月刊『国際労働運動』48頁(0458号02面01)(2014/11/01)


■News & Review 韓国
 現代自動車非正規職支会が裁判で勝利
 不法派遣の1200人を正規職と認める判決

(写真 現代自動車の非正規職労働者が勝訴判決後、決起大会を開く【9月18日】)

(写真 勝訴に喜び、ソウル中央法院前で訴訟の代理人のクォンヨングク弁護士を胴上げ【9月19日】)

4年間の不屈の闘いが切り開いた地平

 現代(ヒョンデ)自動車非正規職労働者たちの正規職認定を求める集団訴訟に対して、9月18~19日、ソウル中央地方法院が判決を出した。労働事件を専門に担当している第41、42裁判部は、合わせて約1200人の現代自動車非正規職が現代車を相手に提起した勤労者地位確認訴訟及び賃金請求訴訟で、原告ら全員に勝訴の判決を宣告した。1200人全員が正規職であると認めたのである。
 決定的なのは、現代自動車で働くすべての社内下請け労働者が不法派遣の状態にあると認定したことだ。最高裁はすでに2010年7月、現代車非正規職のチェビョンスン組合員が提起した訴訟で不法派遣を認めていたが、会社側はこれを〝チェビョンスン氏個人への判決〟と主張し、非正規職労働者全体の正規職への転換をあくまで拒否し続けてきた。だが今回の判決は、生産ラインの全工程はもとより、鉄板プレス作業から完成車の船積みにいたる全業務において、そこで働く下請け労働者全員を不法派遣と認定した。自動車の生産工程のすべてにおいて「合法的」な請け負いなど不可能で、全労働者が正規雇用されるべきだと宣言したのである。実際に非正規職労働者たちが現代車に完勝したと言えるものだ。
 「全部勝ったぞ!」。裁判所前での座り込みを続けてきた現代自動車蔚山(ウルサン)非正規職支会の労働者をはじめとして、労働者たちは判決を聞くや否や歓声を上げ、感涙にむせんだ。「不法派遣を撲滅し、正規職転換をかちとろう!」のシュプレヒコールがこだました。
 現代自動車の非正規職労組は2003年に結成されて以来、「人間らしく生きたい」を合言葉に正規職化を求めて11年間闘い抜いてきた。2010年秋には蔚山第1工場での25日間の工場占拠ストを闘い、2013年には296日に及ぶ鉄塔籠城闘争をも闘った。
 今回の集団訴訟はその中で2010年11月、チェビョンスン氏の勝訴を引き継いで提訴された。それから3年10カ月ぶりにようやく一審判決が出たのだ。
 続いて9月25日には起亜(キア)自動車においても、社内下請け労働者約500人が提起した訴訟に対し、原告全員の正規職としての地位を認定する勝利判決がかちとられた。
 これらの判決は、現代車のみならず韓国の自動車産業全体に広がる不法派遣を満天下に明らかにした。サムスン電子など他の多くの製造業の不法派遣問題に対しても、大きな影響を与えていく判決だ。

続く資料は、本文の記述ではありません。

(** ** Uniform continuity on [0,1] and [0,1]² *)

Lemma continuous_induction (P : R -> Prop) :
  (forall a b, a <= b -> P b -> P a) ->
  (forall c, c < 0 -> P c) ->
  (forall c, in01 c -> exists r, 0 < r /\ forall c', c - r < c' -> P c' -> P (c + r)) ->
  P 1.
Proof.
  intros Hmono Hneg Hstep. apply NNPP; intro N1.
  assert (Hlt : forall c, P c -> c < 1).
  { intros c Pc. destruct (Rlt_or_le c 1); auto. exfalso. apply N1, (Hmono 1 c); auto. }
  assert (Hb : bound P) by (exists 1; intros c Pc; left; apply Hlt; auto).
  assert (He : exists x, P x) by (exists (-1); apply Hneg; lra).
  destruct (completeness P Hb He) as [m [Hub Hlub]].
  assert (Hm1 : m <= 1) by (apply Hlub; intros c Pc; left; apply Hlt; auto).
  destruct (Rlt_or_le m 0) as [Hm0|Hm0].
  - destruct (Hstep 0) as [r [Hr Hs]]; [split; lra|].
    assert (P (0 + r)) by (apply (Hs (- r / 2)); [lra | apply Hneg; lra]).
    assert (0 + r <= m) by (apply Hub; auto). lra.
  - destruct (Hstep m) as [r [Hr Hs]]; [split; lra|].
    assert (Hc' : exists c', m - r < c' /\ P c').
    { apply NNPP; intro Hn.
      assert (m <= m - r).
      { apply Hlub. intros c Pc. destruct (Rle_or_lt c (m - r)); auto.
        exfalso; apply Hn; exists c; auto. }
      lra. }
    destruct Hc' as [c' [H1 H2]].
    assert (m + r <= m) by (apply Hub; apply (Hs c'); auto). lra.
Qed.

Lemma straddle u v c c' r :
  c - r < c' -> u <= c + r -> v <= c + r -> Rabs (u - v) < r ->
  ~ (u <= c' /\ v <= c') -> Rabs (u - c) < 2 * r /\ Rabs (v - c) < 2 * r.
Proof.
  intros Hc' Hu Hv Huv Hn. destruct (Rabs_def2 _ _ Huv).
  assert (c' < u \/ c' < v).
  { destruct (Rle_or_lt u c'); destruct (Rle_or_lt v c'); auto. tauto. }
  split; apply Rabs_def1; lra.
Qed.

(** This is the
    compactness of [0,1] in the form needed twice below. *)
Lemma uniform_from_local (F : R -> R -> R -> Prop) :
  (forall r r' u v, 0 < r' <= r -> F r u v -> F r' u v) ->
  (forall c, in01 c -> exists r, 0 < r /\
     forall u v, in01 u -> in01 v -> Rabs (u - c) < r -> Rabs (v - c) < r -> F r u v) ->
  exists rho, 0 < rho /\
    forall u v, in01 u -> in01 v -> Rabs (u - v) < rho -> F rho u v.
Proof.
  intros Hanti Hloc.
  set (P := fun c => exists rho, 0 < rho /\ forall u v, in01 u -> in01 v ->
              u <= c -> v <= c -> Rabs (u - v) < rho -> F rho u v).
  assert (HP1 : P 1).
  { apply continuous_induction.
    - intros a b Hab [rho [Hr Hp]]. exists rho; split; auto. intros; apply Hp; auto; lra.
    - intros c Hc. exists 1; split; [lra|]. intros u v [Hu _]. lra.
    - intros c Hc. destruct (Hloc c Hc) as [r [Hr Hr']].
      exists (r / 2); split; [lra|].
      intros c' Hc' [rho' [Hrho' Hp']].
      set (rho := Rmin rho' (r / 2)).
      assert (0 < rho) by (apply Rmin_pos; lra).
      assert (rho <= rho') by apply Rmin_l. assert (rho <= r / 2) by apply Rmin_r.
      exists rho; split; auto. intros u v Hu Hv Huc Hvc Huv.
      destruct (classic (u <= c' /\ v <= c')) as [[? ?]|Hn].
      + apply (Hanti rho'); [lra|]. apply Hp'; auto. lra.
      + destruct (straddle u v c c' (r / 2)) as [A B]; auto; try lra.
        apply (Hanti r); [lra|]. apply Hr'; auto; lra. }
  destruct HP1 as [rho [Hr Hp]]. exists rho; split; auto.
  intros u v Hu Hv; apply Hp; auto; [destruct Hu | destruct Hv]; lra.
Qed.

Section Metric.
Variables (X : Type) (d : X -> X -> R).
Hypothesis Hm : is_metric X d.

Lemma dsym x y : d x y = d y x.
Proof. destruct Hm as [_ [_ [H _]]]. auto. Qed.
Lemma dtri x y z : d x z <= d x y + d y z.
Proof. destruct Hm as [_ [_ [_ H]]]. auto. Qed.
Lemma dself x : d x x = 0.
Proof. destruct Hm as [_ [H _]]. apply H; auto. Qed.

Lemma dist_via x y z e : d x z < e / 2 -> d y z < e / 2 -> d x y < e.
Proof. intros. pose proof (dtri x z y). rewrite (dsym z y) in *. lra. Qed.

Lemma square_unif_continuous (K : R -> R -> X) : cont_square d K ->
  forall eps, 0 < eps -> exists rho, 0 < rho /\
    forall s t s' t', in01 s -> in01 t -> in01 s' -> in01 t' ->
      Rabs (s - s') < rho -> Rabs (t - t') < rho -> d (K s t) (K s' t') < eps.
Proof.
  intros Hc eps He.
  (* uniformity in [t], locally in [s] *)
  assert (Hcol : forall s0, in01 s0 -> exists r, 0 < r /\
    forall t t', in01 t -> in01 t' -> Rabs (t - t') < r ->
      forall s s', in01 s -> in01 s' -> Rabs (s - s0) < r -> Rabs (s' - s0) < r ->
        d (K s t) (K s' t') < eps).
  { intros s0 Hs0.
    apply (uniform_from_local (fun r t t' => forall s s', in01 s -> in01 s' ->
             Rabs (s - s0) < r -> Rabs (s' - s0) < r -> d (K s t) (K s' t') < eps)).
    - intros r r' t t' Hr Hp s s' Hs Hs' H1 H2. apply Hp; auto; lra.
    - intros c Hc0. destruct (Hc s0 c Hs0 Hc0 (eps / 2)) as [r [Hr Hr']]; [lra|].
      exists r; split; [lra|]. intros t t' Ht Ht' H1 H2 s s' Hs Hs' H3 H4.
      apply dist_via with (K s0 c); apply Hr'; auto. }
  destruct (uniform_from_local (fun r s s' => forall t t', in01 t -> in01 t' ->
              Rabs (t - t') < r -> d (K s t) (K s' t') < eps)) as [rho [Hr Hp]].
  - intros r r' s s' Hr Hp t t' Ht Ht' H. apply Hp; auto; lra.
  - intros c Hc0. destruct (Hcol c Hc0) as [r [Hr Hr']].
    exists r; split; [lra|]. intros s s' Hs Hs' H1 H2 t t' Ht Ht' H3. apply Hr'; auto.
  - exists rho; split; [lra|]. intros s t s' t' Hs Ht Hs' Ht' H1 H2. apply Hp; auto.
Qed.

(** Heine's theorem for paths, seen as squares constant in the first variable. *)
Lemma path_unif_continuous (g : R -> X) : cont_path d g ->
  forall eps, 0 < eps -> exists rho, 0 < rho /\
    forall s t, in01 s -> in01 t -> Rabs (s - t) < rho -> d (g s) (g t) < eps.
Proof.
  intros Hg eps He.
  destruct (square_unif_continuous (fun _ t => g t)) with eps as [rho [Hr Hp]]; auto.
  - intros s t Hs Ht e He'. destruct (Hg t Ht e He') as [r [Hr Hp]].
    exists r; split; [lra|]. intros s' t' _ Ht' _ H. apply Hp; auto.
  - exists rho; split; [lra|]. intros s t Hs Ht H.
    apply (Hp 0 s 0 t); auto; try (split; lra). rewrite Rminus_0_r, Rabs_R0. lra.
Qed.

Lemma length_le_via (g : R -> X) L t :
  length_le d g L -> in01 t -> d (g 0) (g t) + d (g t) (g 1) <= L.
Proof.
  intros Hl [Ht0 Ht1].
  set (tf := fun k : nat => match k with O => 0 | 1%nat => t | _ => 1 end).
  specialize (Hl 2%nat tf eq_refl eq_refl).
  replace (d (g 0) (g t) + d (g t) (g 1))
    with (Rsum_upto (fun i => d (g (tf i)) (g (tf (S i)))) 2) by (simpl; ring).
  apply Hl. intros [|[|i]] Hi; simpl; lra || lia.
Qed.

End Metric.

(** ** Subdivisions of [0,1] and concatenation of paths *)

Lemma nat_lt_INR a b : (a < b)%nat -> INR a + 1 <= INR b.
Proof. intro. rewrite <- S_INR. apply le_INR. lia. Qed.

Lemma INR_pred n : (1 <= n)%nat -> INR (n - 1) + 1 = INR n.
Proof. intro. rewrite <- S_INR. f_equal. lia. Qed.

Lemma divmod_eq i u K : (u < K)%nat -> ((i * K + u) / K = i /\ (i * K + u) mod K = u)%nat.
Proof.
  intro. split.
  - symmetry. apply (Nat.div_unique _ _ _ u); auto. lia.
  - symmetry. apply (Nat.mod_unique _ _ i); auto. lia.
Qed.

Fixpoint pidx (m : nat) (u : R) : nat :=
  match m with
  | O => O
  | S m' => if Rle_dec (INR (S m')) u then S m' else pidx m' u
  end.

Lemma pidx_spec m u : 0 <= u ->
  (pidx m u <= m)%nat /\ INR (pidx m u) <= u /\ (u < INR (pidx m u) + 1 \/ pidx m u = m).
Proof.
  intro Hu. induction m as [|m IH]; cbn [pidx].
  - split; [lia | split]; [simpl; lra | auto].
  - destruct (Rle_dec (INR (S m)) u) as [Hle|Hgt].
    + split; [lia | split; auto].
    + destruct IH as [A [B C]]. split; [lia | split; auto]. left.
      destruct C as [C|C]; auto. rewrite C. rewrite S_INR in Hgt. lra.
Qed.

(写真 9月18日に判決のあったソウル中央地方法院の前で。横断幕には「すべての社内下請けを正規職に転換せよ! 現代車【株】=不法派遣→正規職化」と書かれている)

分断・切り崩し攻撃との激しい闘い貫く

 判決に先立ち、現代自動車会社側と現代自動車支部(正規職)は結託して、非正規職支会の正規職転換要求闘争に対する激しい分断・切り崩し攻撃を加えてきた。今回の勝利は、この攻撃を必死に打ち破る中でかちとられた。
 8月18日、現代車労使は蔚山工場で行われた19次特別交渉で暫定合意案を妥結した。この特別交渉は、現代自動車非正規職支会3支会のうち組合員が最も多い蔚山支会が抜けた状態で行われた。蔚山支会長は、会社が非正規職の正規職への転換を拒否する代わりに2012年から主張してきた3500人新規採用案から進展した案を出していないとして、交渉決裂を宣言していた。その後の交渉は、蔚山支会を除いたまま全州(チョンジュ)支会と牙山(アサン)支会だけが参加して行われ、8月18日に暫定合意案を確定し、妥結した。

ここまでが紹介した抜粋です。